Governments Put Presssure on ICANN Over gTLDs

MARINA DEL REY, Calif. — ICANN has listed 23 areas of continued disagreement over proposed rules for new generic top-level domain names.

ICANN's Governmental Advisory Committee, or GAC, met last week in Brussels to decide on such key gTLD issues as trademark protection, malicious conduct, root-zone scaling, economic impact, geographic names and morality-based objections.

But GAC was unable to ratify a set of proposed rules at the Brussels meeting and will continue dialogue at ICANN's general meeting in San Francisco later this month.

ICANN chairman Peter Thrush, in a letter over the weekend to GAC chair Heather Dryden, said that his organization "has made a good faith effort toward narrowing the outstanding issues."

"The clarity gained during these efforts has significantly reduced the amount of work that needs to be done in order to reach agreement on most issues," he said.

"The board looks forward to continuing to collaborate with the GAC in order to conclude the consultation process on the new gTLD program during the Silicon Valley/San Francisco meeting," he said.

The GAC disagreements focus on the question of how much influence government officials, and to a lesser extent trademark owners, will see over the process of creating new domain suffixes. Hundreds of applications for these suffixes are expected later this year, including .gay, .car, .love, .movie and .web.

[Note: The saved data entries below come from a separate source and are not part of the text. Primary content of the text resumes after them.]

Lemma coset_dichotomy_near : exists2 eps, 0 < eps & coset_dichotomy eps.
Proof.
apply: contrapT => no_eps.
have [F bad] := choice (fun m => bad_return_exists m no_eps).
pose ys m := (F m).1.1; pose ns m := (F m).1.2; pose us m := (F m).2.
have ys_cvg : ys @ \oo --> z.
  by apply: (metric_compatible_cvg hcomp) => m; rewrite delta_sym; case: (bad m).
have itz_cvg : (fun m => itz (ns m) (ys m)) @ \oo --> z.
  by apply: (metric_compatible_cvg hcomp) => m; rewrite delta_sym; case: (bad m).
have [u [Uu clu]] : closure U `&` cluster (us @ \oo) !=set0.
  by apply: (cU (us @ \oo)); exists 0%N => // m _; case: (bad m).
have Eu : E z u.
  by apply: (cluster_ess_range ys_cvg itz_cvg) clu => m; case: (bad m).
have [m UHm] : exists m, setmul mul U (Hs (ys m)) (us m).
  apply: (cluster_selection_coset ys_cvg oU clu); apply: contrapT => notUHu.
  suff : (E z `&` (setmul mul (closure U) (Hs z) `\` setmul mul U (Hs z))) u.
    by rewrite hz.
  split => //; split => //; exists u, one; split => //.
    by case: (selection_subgroup z).
  by rewrite (grp_mul1r hg).
by case: (bad m) => _ _ _ _ /(_ UHm).
Qed.

End CosetDichotomy.

End ConsistentSelection.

Governments are pushing to give themselves greater ability to object to proposed suffixes while handing trademark holders more power to monitor new domain names registered under those suffixes.

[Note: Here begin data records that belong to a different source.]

Lemma ic_preimage (D : E -> Prop) (C : F -> Prop) :
  vcontinuous psi -> vcontinuous sigma ->
  (forall p, D p <-> C (psi p)) -> forall p, ic D p <-> ic C (psi p).
Proof.
  intros Hpsi_cont Hsigma_cont HD p.
  pose proof (aff_preimage D C HD) as Haff.
  unfold ic. rewrite (icr_preimage D C HD p).
  assert (Hclosed : vclosed (aff D) <-> vclosed (aff C)).
  { split; intros Hcl.
    - apply (vclosed_ext (fun y => aff D (sigma y))).
      + intros y. rewrite Haff, Hsection. tauto.
      + apply vclosed_preimage; assumption.
    - apply (vclosed_ext (fun q => aff C (psi q))).
      + intros q. rewrite Haff. tauto.
      + apply vclosed_preimage; assumption. }
  tauto.
Qed.

End Preimage.

Lemma vopp_continuous {F : TVSdata} {HF : VectorSpace F} :
  is_topology F -> scal_continuous F -> vcontinuous (@vopp F).
Proof.
  intros HT Hs W HW. apply vopen_of_local; auto. intros z Wz.
  rewrite <- v_scalN1 in Wz.
  destruct (Hs (-1) z W HW Wz) as (d & Hd & W1 & HW1 & W1z & HW1W).
  exists W1; repeat split; auto. intros y Wy. rewrite <- v_scalN1.
  apply HW1W; auto. replace (-1 - -1) with 0 by ring. rewrite Rabs_R0. exact Hd.
Qed.

Lemma prod_vector_space (X Y : TVSdata) :
  VectorSpace X -> VectorSpace Y -> VectorSpace (prodT X Y).
Proof.
  intros HX HY.
  repeat split; intros;
    repeat match goal with p : car (prodT X Y) |- _ => destruct p end;
    simpl; f_equal; apply HX || apply HY.
Qed.

(* psi = [graph_gap A] measures the defect of (x, y) from the graph of A;
   sigma = [yaxis] embeds Y as the second axis of X x Y. *)
Section GraphGap.
Context {X Y : TVSdata} {HX : VectorSpace X} {HY : VectorSpace Y}.
Variable A : X -> Y.
Hypothesis HA : linear A.

Definition graph_gap (p : prodT X Y) : Y := vadd (snd p) (vopp (A (fst p))).

Definition yaxis (y : Y) : prodT X Y := (vzero, y).

Lemma graph_gap_linear : linear graph_gap.
Proof.
  unfold graph_gap; split; simpl.
  - intros p q. rewrite (lin_add A HA), v_opp_add. apply v_swap.
  - intros r p. rewrite (lin_scal A HA), v_scalDr, v_scalN. reflexivity.
Qed.

Lemma yaxis_linear : linear yaxis.
Proof.
  unfold yaxis; split; simpl.
  - intros y z. rewrite v_add0. reflexivity.
  - intros r y. rewrite v_scal0r. reflexivity.
Qed.

Lemma graph_gap_yaxis (y : Y) : graph_gap (yaxis y) = y.
Proof. unfold graph_gap, yaxis; simpl. rewrite (lin0 A HA), v_opp0. apply v_add0. Qed.

Lemma graph_gap_kernel (q : prodT X Y) : graph_gap q = vzero <-> DeltaA A q.
Proof.
  destruct q as [x y]. unfold graph_gap; simpl; split.
  - intros H. exists x. f_equal. apply v_sub_eq0, H.
  - intros [x' Hq]. injection Hq as -> ->. apply v_addN.
Qed.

For instance, Kenya's rep has threatened that some countries "will take another direction--and I can tell you they will just go to the International Telecommunication Union," while China objects to "unilateral control of critical Internet resources," suggesting that the U.N. would be a better fit" for decision-making.

Another point of disagreement is over how the process should aid trademark holders. That could help companies prevent cybersquatting and phishing attacks against their customers. It also could make it more difficult for companies and individuals to do business if they happen to be using a word close to a trademarked phrase.